*** Block opens ***

Lemma is_deriveD_fun f g s a b : is_derive s 1 f a -> is_derive s 1 g b ->
  is_derive s 1 (fun u => f u + g u) (a + b).
Proof. by move=> fa gb; exact: (is_deriveD fa gb). Qed.

Lemma is_deriveB_fun f g s a b : is_derive s 1 f a -> is_derive s 1 g b ->
  is_derive s 1 (fun u => f u - g u) (a - b).
Proof. by move=> fa gb; exact: (is_deriveB fa gb). Qed.

Lemma is_deriveM_fun f g s a b : is_derive s 1 f a -> is_derive s 1 g b ->
  is_derive s 1 (fun u => f u * g u) (f s * b + g s * a).
Proof. by move=> fa gb; exact: (is_deriveM fa gb). Qed.

Lemma is_deriveZ_fun c f s a : is_derive s 1 f a ->
  is_derive s 1 (fun u => c * f u) (c * a).
Proof. by move=> fa; exact: (is_deriveZ c fa). Qed.

Lemma is_derive_sum_fun n (h : 'I_n -> R -> R) (dh : 'I_n -> R) s :
  (forall i, is_derive s 1 (h i) (dh i)) ->
  is_derive s 1 (fun u => \sum_(i < n) h i u) (\sum_(i < n) dh i).
Proof. by move=> hdh; rewrite -fct_sumE; exact: is_derive_sum. Qed.

Lemma is_derive_powR_fun p f s a : is_derive s 1 f a -> 0 < f s ->
  is_derive s 1 (fun u => powR (f u) p) (p * powR (f s) (p - 1) * a).
Proof. by move=> fa fs_gt0; exact: (is_derive1_comp (is_derive1_powR p fs_gt0) fa). Qed.

Lemma is_derive_ln_fun f s a : is_derive s 1 f a -> 0 < f s ->
  is_derive s 1 (fun u => ln (f u)) ((f s)^-1 * a).
Proof. by move=> fa fs_gt0; exact: (is_derive1_comp (is_derive1_ln fs_gt0) fa). Qed.

Lemma is_derive_sqsum n (w : 'I_n -> R -> R) (dw : 'I_n -> R) s :
  (forall k, is_derive s 1 (w k) (dw k)) ->
  is_derive s 1 (fun u => \sum_(k < n) w k u ^+ 2) (\sum_(k < n) 2 * (w k s * dw k)).
Proof.
move=> wdw; apply: is_derive_sum_fun => k.
have -> : (fun u => w k u ^+ 2) = (fun u => w k u * w k u) by apply/funext => u.
apply: (is_derive_eq (is_deriveM_fun (wdw k) (wdw k))).
by rewrite mulr2n mulrDl mul1r.
Qed.

Lemma is_derive_derive1 f g s b : (\forall u \near s, is_derive (u : R) 1 f (g u)) ->
  is_derive s 1 g b -> is_derive s 1 (derive1 f) b.
Proof.
move=> fg gb; apply: near_eq_is_derive gb.
by apply: filterS fg => u fgu; rewrite derive1E derive_val.
Qed.

Lemma derive1_thrice f f1 f2 s b :
  (\forall u \near s, is_derive (u : R) 1 f (f1 u)) ->
  (\forall u \near s, is_derive (u : R) 1 f1 (f2 u)) -> is_derive s 1 f2 b ->
  [/\ derive1 f s = f1 s, derive1 (derive1 f) s = f2 s
    & derive1 (derive1 (derive1 f)) s = b].
Proof.
move=> ff1 f1f2 f2b.
have ff2 : \forall u \near s, is_derive (u : R) 1 (derive1 f) (f2 u).
  by apply: filterS2 (near_join ff1) f1f2 => u; exact: is_derive_derive1.
have d1 := nbhs_singleton ff1; have d2 := nbhs_singleton ff2.
have d3 := is_derive_derive1 ff2 f2b.
by rewrite !derive1E !derive_val.
Qed.

End PointwiseDerivatives.

Section WeightedSquaredNorm.
Context {R : realType} {n : nat}.
Variables (p dp : R -> R) (w dw : 'I_n -> R -> R).
Implicit Types s : R.

Definition wsqnorm s := p s * \sum_(k < n) w k s ^+ 2.

Definition wsqnorm_deriv s :=
  dp s * \sum_(k < n) w k s ^+ 2 + p s * \sum_(k < n) 2 * (w k s * dw k s).

Lemma is_derive_wsqnorm s : is_derive s 1 p (dp s) ->
  (forall k, is_derive s 1 (w k) (dw k s)) -> is_derive s 1 wsqnorm (wsqnorm_deriv s).
Proof.
move=> pdp wdw; apply: (is_derive_eq (is_deriveM_fun pdp (is_derive_sqsum wdw))).
by rewrite addrC mulrC.
Qed.

Variable t : R.
Hypothesis w_t : forall k, w k t = 0.

Lemma wsqnorm_eq0 : wsqnorm t = 0.
Proof. by rewrite /wsqnorm big1 ?mulr0 // => k _; rewrite w_t expr0n. Qed.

*** Block closes ***

▶ [EXERCISE REQUIREMENTS] Leave out every line above except those from the line with "(forall i, is_derive s 1 (h i) (dh i)) ->" up to and including the line with "Lemma is_derive_sqsum n", and copy those exactly.

▶ [EXERCISE ANSWER]
  (forall i, is_derive s 1 (h i) (dh i)) ->
  is_derive s 1 (fun u => \sum_(i < n) h i u) (\sum_(i < n) dh i).
Proof. by move=> hdh; rewrite -fct_sumE; exact: is_derive_sum. Qed.

Lemma is_derive_powR_fun p f s a : is_derive s 1 f a -> 0 < f s ->
  is_derive s 1 (fun u => powR (f u) p) (p * powR (f s) (p - 1) * a).
Proof. by move=> fa fs_gt0; exact: (is_derive1_comp (is_derive1_powR p fs_gt0) fa). Qed.

Lemma is_derive_ln_fun f s a : is_derive s 1 f a -> 0 < f s ->
  is_derive s 1 (fun u => ln (f u)) ((f s)^-1 * a).
Proof. by move=> fa fs_gt0; exact: (is_derive1_comp (is_derive1_ln fs_gt0) fa). Qed.

Lemma is_derive_sqsum n (w : 'I_n -> R -> R) (dw : 'I_n -> R) s :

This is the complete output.